To detect DIVs, we used a gapped aligner, cross_match (http://www.phrap.org), to align those reads not aligned by ELAND. We then assigned genotypes using both the ELAND and cross_match alignments with MPG. We observed small DIVs (up to 4 bp) using data generated by all three capture methods; a subset of these were 100% validated by Sanger-based sequencing (MIP: 33/33, SHS: 37/37, and MGS: 25/25). It is unclear what was limiting the length of DIV detection. Because cross_match requires aligned sequence on each side of a gap, the short read lengths were likely a factor and could be mitigated by using sequence reads longer than 36 bases. Although we are still refining these methods, we show here that all three of these capture methods can be used to detect small DIVs.
Sequencing requirements
A critical measure of the effectiveness of a genomic enrichment method is the amount of sequencing required to achieve the desired endpoints. Such considerations include the proportion of genotypes accurately assigned in the ROI, the limits of this sensitivity, and the associated costs. We normalized the data to assess the effects of varying the amount of generated sequence data for NA18507 and NA12878 from each of the methods (Fig. 5). For all methods, we observed an initial sharp rise in sensitivity with increasing amounts of filtered sequence data. This was followed by a plateau, during which very little gain was achieved compared to the amount of additional data. The MIP method reached ∼70% coverage with 400 Mb of filtered sequence. For the same amount of sequence, the SHS method attained higher sensitivities of 84%–85%, while the MGS method performed even better with sensitivities of ∼91%. However, if the desire is to pool samples for capture with the MGS method, one must take into account the twofold inter-sample variability in the amount of sequence obtained for individual samples in the pool (Table 1). Thus, we expect the sensitivities of the extended set of 12 samples in a pool will not all be 91%. For example, assuming a normal distribution of the number of sequence reads assigned to each indexed sample, with variance equal to the observed data, we estimate that 11/12 individuals within the pool would have sensitivities ranging from 88% to 93% (when aiming for a per-sample average of 400 Mb of filtered sequence data). To put this filtered sequence requirement into context, our recent experience with the Illumina platform indicates that ∼85% of the generated sequence reads pass the quality filter. Assuming this rate holds true for other experiments, 400 Mb of filtered sequence is roughly equivalent to 470 Mb of raw sequence.
Figure 5.
Genotype sensitivity with increasing sequence data. Percentage of genotypes assigned in the ROI (same for all methods) with increasing filtered sequence data for NA18507 and NA12878. Sequence counts are based on 36 bases per read for MIP and SHS. To account for the 6-base index bar code, 42 bases were used in the sequence count calculations for MGS. The dashed arrow indicates genotype sensitivity level (67.3%) of 30-fold coverage whole-genome shotgun (WG) data for the ROI analyzed in this study.

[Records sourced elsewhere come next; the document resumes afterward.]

(** For a beta-redex, the derivation of [M[N/x]] uses [N]
    at finitely many types; their intersection (or the given type of [N] when
    [x] does not occur) is the type assumed for [x]; since every [delta] is
    equivalent to an intersection of arrows [kappa -> nu] or [omega -> nu],
    [lambda x.M] can be typed at [delta_x * kappa -> nu] for each of them.
    For a mu-redex, every occurrence [[alpha](P N)] created by the structural
    substitution is typed through an arrow [d_i * kappa -> nu] with [N : d_i];
    giving [alpha] the type [(/\ d_i) * kappa] types [mu alpha.[beta]M] at
    [(/\ d_i) * kappa -> nu], which is then applied to [N]. *)

From Stdlib Require Import List Arith.
Import ListNotations.

Lemma nth_tl {A : Type} (L : list (option A)) x :
  nth x (tl L) None = nth (S x) L None.
Proof. destruct L, x; reflexivity. Qed.

Fixpoint upd {A : Type} (a : nat) (x : option A) (L : list (option A)) :
    list (option A) :=
  match a with
  | 0 => x :: tl L
  | S a => hd None L :: upd a x (tl L)
  end.

Lemma nth_upd {A : Type} a x (L : list (option A)) b :
  nth b (upd a x L) None = if Nat.eqb b a then x else nth b L None.
Proof.
  revert a L; induction b as [|b IH]; intros [|a] [|y L]; simpl; try reflexivity.
  - destruct b; reflexivity.
  - rewrite IH; simpl. destruct (Nat.eqb b a); [reflexivity | destruct b; reflexivity].
  - rewrite IH; reflexivity.
Qed.

Lemma nth_upd_eq {A : Type} a x (L : list (option A)) : nth a (upd a x L) None = x.
Proof. rewrite nth_upd, Nat.eqb_refl; reflexivity. Qed.

Fixpoint arrow_comp (k : tyC) (d : tyD) : Prop :=
  match d with
  | KArr k0 => k = k0
  | AndD d1 d2 => arrow_comp k d1 \/ arrow_comp k d2
  | _ => False
  end.

Lemma leD_arrow_comp d d' :
  leD d d' -> forall k, arrow_comp k d' -> exists q, arrow_comp q d /\ leC k q.
Proof.
  induction 1; intros k Hk; simpl in *.
  - exists k; split; [assumption | apply leC_refl].
  - destruct (IHleD2 _ Hk) as [q [Hq Hkq]].
    destruct (IHleD1 _ Hq) as [q' [Hq' Hqq']].
    exists q'; split; [assumption | eapply leC_trans; eassumption].
  - exists k; split; [now left | apply leC_refl].
  - exists k; split; [now right | apply leC_refl].
  - contradiction.
  - contradiction.
  - destruct Hk; auto.
  - subst; exists k1; split; auto.
Qed.

Lemma typ_App_inv G D P Q e :
  typ G (App P Q) e D -> forall k, arrow_comp k e ->
  exists d, typ G P (KArr (Prod d k)) D /\ typ G Q d D.
Proof.
  intro H; remember (App P Q) as PQ eqn:EPQ; revert P Q EPQ.
  induction H; intros P0 Q0 EPQ k0 Hk; try discriminate.
  - injection EPQ as -> ->.
    destruct k as [k|]; simpl in Hk; [subst | contradiction].
    exists d; auto.
  - destruct (leD_arrow_comp _ _ H0 _ Hk) as [q [Hq Hle]].
    destruct (IHtyp _ _ EPQ _ Hq) as [d1 [HP HQ]].
    exists d1; split; [| assumption].
    eapply t_le; [exact HP |].
    apply leD_arr, leC_prod; [apply leD_refl | assumption].
  - destruct Hk; eauto.
Qed.

Lemma typ_Var_inv G D x e :
  typ G (Var x) e D -> exists e0, nth x G None = Some e0 /\ leD e0 e.
Proof.
  intro H; remember (Var x) as X eqn:EX; revert EX.
  induction H; intro EX; try discriminate.
  - injection EX as ->. exists d; split; [assumption | apply leD_refl].
  - destruct (IHtyp EX) as [e0 [He0 Hle]].
    exists e0; split; [assumption | eapply leD_trans; eassumption].
  - destruct (IHtyp1 EX) as [e0 [He0 Hle0]], (IHtyp2 EX) as [e1 [He1 Hle1]].
    rewrite He0 in He1; injection He1 as <-.
    exists e0; split; [assumption | apply leD_and; assumption].
Qed.

Lemma typ_ren_var G P d D :
  typ G P d D -> forall r G',
  (forall x e, nth x G None = Some e -> nth (r x) G' None = Some e) ->
  typ G' (ren_var r P) d D.
Proof.
  induction 1; intros r G' HG; simpl.
  - constructor; auto.
  - constructor; apply IHtyp; intros [|x] e He; simpl in *; auto.
  - econstructor; eauto.
  - econstructor; eauto.
  - econstructor; eauto.
  - eapply t_le; eauto.
  - apply t_and; eauto.
Qed.

Lemma typ_ren_var_inv G' P' d D :
  typ G' P' d D -> forall r P G, P' = ren_var r P ->
  (forall x e, nth (r x) G' None = Some e -> nth x G None = Some e) ->
  typ G P d D.
Proof.
  induction 1; intros r P0 G0 EP HG;
    try (destruct P0 as [y|P1|P1 P2|[a P1]]; simpl in EP; try discriminate;
         injection EP; intros; subst).
  - constructor; auto.
  - constructor; eapply IHtyp; [reflexivity |].
    intros [|x] e He; simpl in *; auto.
  - eapply t_app; eauto.
  - eapply t_mu; eauto.
  - eapply t_mu_self; eauto.
  - eapply t_le; eauto.
  - apply t_and; eauto.
Qed.

Lemma typ_ren_var_S G o L d D : typ (o :: G) (ren_var S L) d D <-> typ G L d D.
Proof.
  split; intro H.
  - eapply typ_ren_var_inv; [exact H | reflexivity | auto].
  - eapply typ_ren_var; [exact H | auto].
Qed.

Lemma typ_ren_name G P d D :
  typ G P d D -> forall r D',
  (forall a k, nth a D None = Some k -> nth (r a) D' None = Some k) ->
  typ G (ren_name r P) d D'.
Proof.
  induction 1; intros r D' HD; simpl.
  - constructor; auto.
  - constructor; auto.
  - econstructor; eauto.
  - eapply t_mu; eauto. apply IHtyp; intros [|x] e He; simpl in *; auto.
  - eapply t_mu_self. apply IHtyp; intros [|x] e He; simpl in *; auto.
  - eapply t_le; eauto.
  - apply t_and; eauto.
Qed.

Lemma typ_ren_name_inv G P' d D' :
  typ G P' d D' -> forall r P D, P' = ren_name r P ->
  (forall a k, nth (r a) D' None = Some k -> nth a D None = Some k) ->
  typ G P d D.
Proof.
  induction 1; intros r P0 D0 EP HD;
    try (destruct P0 as [y|P1|P1 P2|[[|a] P1]]; simpl in EP; try discriminate;
         injection EP; intros; subst).
  - constructor; auto.
  - constructor; eauto.
  - econstructor; eauto.
  - eapply t_mu; eauto.
    eapply IHtyp; [reflexivity |]. intros [|x] e He; simpl in *; auto.
  - eapply t_mu_self.
    eapply IHtyp; [reflexivity |]. intros [|x] e He; simpl in *; auto.
  - eapply t_le; eauto.
  - apply t_and; eauto.
Qed.

Lemma typ_ren_name_S G o L d D : typ G (ren_name S L) d (o :: D) <-> typ G L d D.
Proof.
  split; intro H.
  - eapply typ_ren_name_inv; [exact H | reflexivity | auto].
  - eapply typ_ren_name; [exact H | auto].
Qed.

Definition ctxG_le (G' G : ctxG) : Prop :=
  forall x e, nth x G None = Some e -> exists e', nth x G' None = Some e' /\ leD e' e.

Definition ctxD_le (D' D : ctxD) : Prop :=
  forall a k, nth a D None = Some k -> exists k', nth a D' None = Some k' /\ leC k' k.

Lemma ctxG_le_cons G' G d : ctxG_le G' G -> ctxG_le (Some d :: G') (Some d :: G).
Proof.
  intros HG [|x] e He; simpl in *; auto.
  injection He as <-. exists d; split; [reflexivity | apply leD_refl].
Qed.

Lemma ctxD_le_cons D' D k : ctxD_le D' D -> ctxD_le (Some k :: D') (Some k :: D).
Proof.
  intros HD [|a] k0 Hk; simpl in *; auto.
  injection Hk as <-. exists k; split; [reflexivity | apply leC_refl].
Qed.

Lemma typ_ctxG_le G M d D : typ G M d D -> forall G', ctxG_le G' G -> typ G' M d D.
Proof.
  induction 1; intros G' HG.
  - destruct (HG _ _ H) as [e' [He' Hle]]. eapply t_le; [constructor; eauto | auto].
  - constructor; apply IHtyp, ctxG_le_cons, HG.
  - eapply t_app; eauto.
  - eapply t_mu; eauto.
  - eapply t_mu_self; eauto.
  - eapply t_le; eauto.
  - apply t_and; eauto.
Qed.

Lemma typ_ctxD_le G M d D : typ G M d D -> forall D', ctxD_le D' D -> typ G M d D'.
Proof.
  induction 1; intros D' HD.
  - constructor; auto.
  - constructor; auto.
  - econstructor; eauto.
  - destruct (HD _ _ H) as [k2 [Hk2 Hle]].
    eapply t_mu; [exact Hk2 |].
    eapply t_le; [apply IHtyp, ctxD_le_cons, HD | apply leD_arr, Hle].
  - eapply t_mu_self; apply IHtyp, ctxD_le_cons, HD.
  - eapply t_le; eauto.
  - apply t_and; eauto.
Qed.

The determination of adequacy of sequencing will depend on each project and how much one is willing to spend to incrementally improve the sensitivity. However, generating 470 Mb of raw sequence is, as of this writing, achievable with one lane of a single-end 36-base run on the Illumina GAII instrument; thus, the sensitivities compared here are appropriate benchmarks for each method. To evaluate this further, the WG NA18507 data provided genotype coverage for 67.3% of the bases in our ROI. This level of sensitivity was met by all methods with relatively little sequence data (MIP: ∼300 Mb, SHS: ∼110 Mb, and MGS: ∼100 Mb), suggesting a substantial improvement over that provided by early whole-genome sequencing that provided 30-fold average coverage depth.
Discussion
The ever-increasing throughput of DNA sequencing instruments makes feasible the interrogation of the entire genome of individual human research subjects. However, whole-genome shotgun sequencing is not the most appropriate option for all projects. The ability to enrich for genomic regions of interest (e.g., coding exons or regions found by genetic association studies to harbor disease-causing variants) in humans or any other organism at low cost and high efficiency is needed for many experiments. The majority of available genomic enrichment strategies involve liquid- or solid-phase capture, dependent on the hybridization of synthetic probes to complementary target genomic sequences. We evaluated three of these methods with respect to their effectiveness and operational attributes.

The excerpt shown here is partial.